Guinea-Bissau suspends U.S.-funded infant hepatitis B vaccine study after ethics outcry
Guinea-Bissau has suspended a U.S.-funded study of a hepatitis B vaccine in infants after public health researchers raised ethical objections, the country’s health minister said. The Centers for Disease Control and Prevention had approved a $1.6 million grant for the study last month, days after Health Secretary Robert F.
Kennedy Jr. lifted the agency’s longstanding recommendation to give the vaccine to all infants at birth. The trial, led by Danish researchers, planned to enroll 14,000 infants and compare children given a birth dose with children who would not receive the vaccine until six weeks of age.
Researchers were not going to screen pregnant women for hepatitis B, a step that would protect the babies of infected mothers.
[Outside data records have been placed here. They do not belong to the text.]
Definition is_liner : Prop :=
  (forall x y, x <> y ->
     exists L, lines L /\ L x /\ L y /\
       forall L', lines L' -> L' x -> L' y -> seteq L' L) /\
  (forall L, lines L -> exists x y, x <> y /\ L x /\ L y).

Definition line (x y : X) : X -> Prop :=
  fun z => (x = y /\ z = x) \/ (x <> y /\ exists L, lines L /\ L x /\ L y /\ L z).

Definition flat (F : X -> Prop) : Prop :=
  forall x y, F x -> F y -> x <> y -> subset (line x y) F.

Definition closure (A : X -> Prop) : X -> Prop :=
  fun z => forall F, flat F -> subset A F -> F z.

Definition of_list (l : list X) : X -> Prop := fun x => In x l.

Definition has_rank (A : X -> Prop) (n : nat) : Prop :=
  (exists l : list X, NoDup l /\ length l = n /\ subset A (closure (of_list l))) /\
  (forall l : list X, length l < n -> ~ subset A (closure (of_list l))).

Definition plane (P : X -> Prop) : Prop := flat P /\ has_rank P 3.

Definition steiner : Prop :=
  forall L, lines L -> exists a b c, a <> b /\ a <> c /\ b <> c /\
    seteq L (fun z => z = a \/ z = b \/ z = c).

(* 3-regular: every A with |A| < 3 is the set of elements of a list of length < 3. *)
Definition regular3 : Prop :=
  forall (l : list X) (o p : X), length l < 3 ->
    let A := of_list l in
    closure A o -> ~ closure A p ->
    seteq (closure (fun z => z = p \/ A z))
          (fun z => exists u a, line o p u /\ closure A a /\ line u a z).

(* "there exist exactly k sets satisfying Q" (sets counted up to extensional equality) *)
Definition exactly_k_sets (k : nat) (Q : (X -> Prop) -> Prop) : Prop :=
  exists ls : list (X -> Prop),
    length ls = k /\ (forall L, In L ls -> Q L) /\
    ForallOrdPairs (fun L1 L2 => ~ seteq L1 L2) ls /\
    (forall L, Q L -> exists L', In L' ls /\ seteq L L').

Definition k_parallel (k : nat) : Prop :=
  forall P L x, plane P -> lines L -> subset L P -> P x -> ~ L x ->
    exactly_k_sets k (fun M => lines M /\ M x /\ subset M (fun z => P z /\ ~ L z)).

Definition projective : Prop :=
  forall o x y p v, line x y p -> line o y v -> v <> p ->
    exists z, line v p z /\ line o x z.

Definition affine : Prop :=
  forall o x y p, line x y p -> ~ line o x p ->
    exists u, line o y u /\
      forall v, line o y v -> (u = v <-> ~ exists z, line v p z /\ line o x z).

End Liner.

(* In a Steiner liner every line is {x, y, x∘y} for a commutative idempotent
   involutive operation ∘, and flats are exactly the ∘-closed sets. For a triangle a, b, p,
   3-regularity makes every point of the plane ⟨a, b, p⟩ lie on a line joining a point of ap
   to a point of ab, so the plane consists of the nine words a, b, c = ab, p, q = ap, r = pb,
   s = pc, u = qb, w = qc. Checking which third points close up shows that either u = s and
   w = r, and the plane is a Fano plane of 7 points, or all nine points are distinct, and the
   plane is an affine plane of order 3. Two planes of different types cannot share a line,
   hence, passing through intermediate planes, all planes have the same type. Fano
   planes have no parallels, giving 0-parallelism and the projective law; affine planes of
   order 3 satisfy Playfair's axiom, giving 1-parallelism and the affine law. *)
From Stdlib Require Import List Classical ClassicalEpsilon Lia.
Import ListNotations.

Section SteinerLiner.
Variable X : Type.
Variable lines : (X -> Prop) -> Prop.
Hypothesis liner : is_liner X lines.
Hypothesis steinerX : steiner X lines.
Hypothesis regular : regular3 X lines.

Local Notation line := (line X lines).
Local Notation flat := (flat X lines).
Local Notation closure := (closure X lines).

Lemma line_unique L1 L2 u v : lines L1 -> lines L2 -> L1 u -> L1 v -> L2 u -> L2 v ->
  u <> v -> forall w, L1 w <-> L2 w.
Proof.
  intros HL1 HL2 L1u L1v L2u L2v Nuv w.
  destruct (proj1 liner u v Nuv) as [L [_ [_ [_ uniq]]]].
  pose proof (uniq L1 HL1 L1u L1v w). pose proof (uniq L2 HL2 L2u L2v w). tauto.
Qed.

Lemma line_of_neq x y : x <> y -> exists L, lines L /\ L x /\ L y /\ forall w, L w <-> line x y w.
Proof.
  intro Nxy. destruct (proj1 liner x y Nxy) as [L [HL [Lx [Ly uniq]]]].
  exists L; repeat split; auto.
  - intro Lw. right. split; auto. exists L; auto.
  - intros [[E _]|[_ [L' [HL' [L'x [L'y L'w]]]]]]; [contradiction|].
    exact (proj1 (uniq L' HL' L'x L'y w) L'w).
Qed.

Lemma line_iff M u v : lines M -> M u -> M v -> u <> v -> forall t, M t <-> line u v t.
Proof.
  intros HM Mu Mv Nuv t. destruct (line_of_neq u v Nuv) as [L [HL [Lu [Lv EL]]]].
  rewrite <- EL. exact (line_unique M L u v HM HL Mu Mv Lu Lv Nuv t).
Qed.

Lemma line_has_third x y : x <> y ->
  exists z, z <> x /\ z <> y /\ forall w, line x y w <-> w = x \/ w = y \/ w = z.
Proof.
  intro Nxy. destruct (line_of_neq x y Nxy) as [L [HL [Lx [Ly EL]]]].
  destruct (steinerX L HL) as [a [b [c [Nab [Nac [Nbc La]]]]]].
  assert (Labc : forall t, line x y t <-> t = a \/ t = b \/ t = c)
    by (intro t; rewrite <- EL; apply La).
  apply La in Lx; apply La in Ly.
  destruct Lx as [-> | [-> | ->]]; destruct Ly as [-> | [-> | ->]]; try congruence;
  [exists c | exists b | exists c | exists a | exists b | exists a];
  (split; [|split]); auto; intro t; rewrite Labc; tauto.
Qed.

(* [third x x = x], matching the convention [line x x = {x}]. *)
Definition third (x y : X) : X := epsilon (inhabits x)
  (fun z => (x = y /\ z = x) \/ (x <> y /\ z <> x /\ z <> y /\ line x y z)).

Lemma third_spec x y : (x = y /\ third x y = x) \/
  (x <> y /\ third x y <> x /\ third x y <> y /\ line x y (third x y)).
Proof.
  unfold third. apply epsilon_spec. destruct (classic (x = y)) as [E|Nxy].
  - exists x; left; auto.
  - destruct (line_has_third x y Nxy) as [z [Nzx [Nzy Ez]]].
    exists z. right. repeat split; auto. apply Ez; auto.
Qed.

Lemma third_diag x : third x x = x.
Proof. destruct (third_spec x x) as [[_ E]|[E _]]; congruence. Qed.

Lemma third_neq x y : x <> y -> third x y <> x /\ third x y <> y.
Proof. intro Nxy. destruct (third_spec x y) as [[E _]|[_ [N1 [N2 _]]]]; tauto. Qed.

Lemma line_third x y w : line x y w <-> w = x \/ w = y \/ w = third x y.
Proof.
  destruct (classic (x = y)) as [<-|Nxy].
  - rewrite third_diag. unfold line. split.
    + intros [[_ E]|[E _]]; [auto|congruence].
    + intros [E|[E|E]]; left; auto.
  - destruct (line_has_third x y Nxy) as [z [Nzx [Nzy Ez]]].
    destruct (third_spec x y) as [[E _]|[_ [N1 [N2 Lt]]]]; [contradiction|].
    apply Ez in Lt. assert (Ez3 : third x y = z) by (destruct Lt as [?|[?|?]]; congruence).
    rewrite Ez, Ez3. tauto.
Qed.

Lemma line_l a b : line a b a.
Proof. apply line_third; auto. Qed.

Lemma line_r a b : line a b b.
Proof. apply line_third; auto. Qed.

Lemma line_sym x y w : line x y w <-> line y x w.
Proof.
  unfold line; split; intros [[E F]|[E [L [HL [Lx [Ly Lw]]]]]];
    [left; subst | right; split; [|exists L] | left; subst | right; split; [|exists L]]; auto.
Qed.

Lemma third_comm x y : third x y = third y x.
Proof.
  destruct (classic (x = y)) as [<-|Nxy]; [reflexivity|].
  destruct (third_spec y x) as [[E _]|[_ [N1 [N2 Lt]]]]; [congruence|].
  apply line_sym, line_third in Lt. destruct Lt as [?|[?|?]]; congruence.
Qed.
The World Health Organization recommends a birth dose to prevent mother-to-child transmission, and health officials say infants infected at birth face much higher risks of chronic liver disease.
Public health leaders in Africa and the United States said the design violated international ethical standards that require offering the globally accepted standard of care to trial participants. Critics noted the question the study sought to answer has been broadly addressed by existing science; others raised concerns that the trial would look for effects on neurological development and atopic dermatitis but not whether delayed vaccination increased hepatitis B carriage.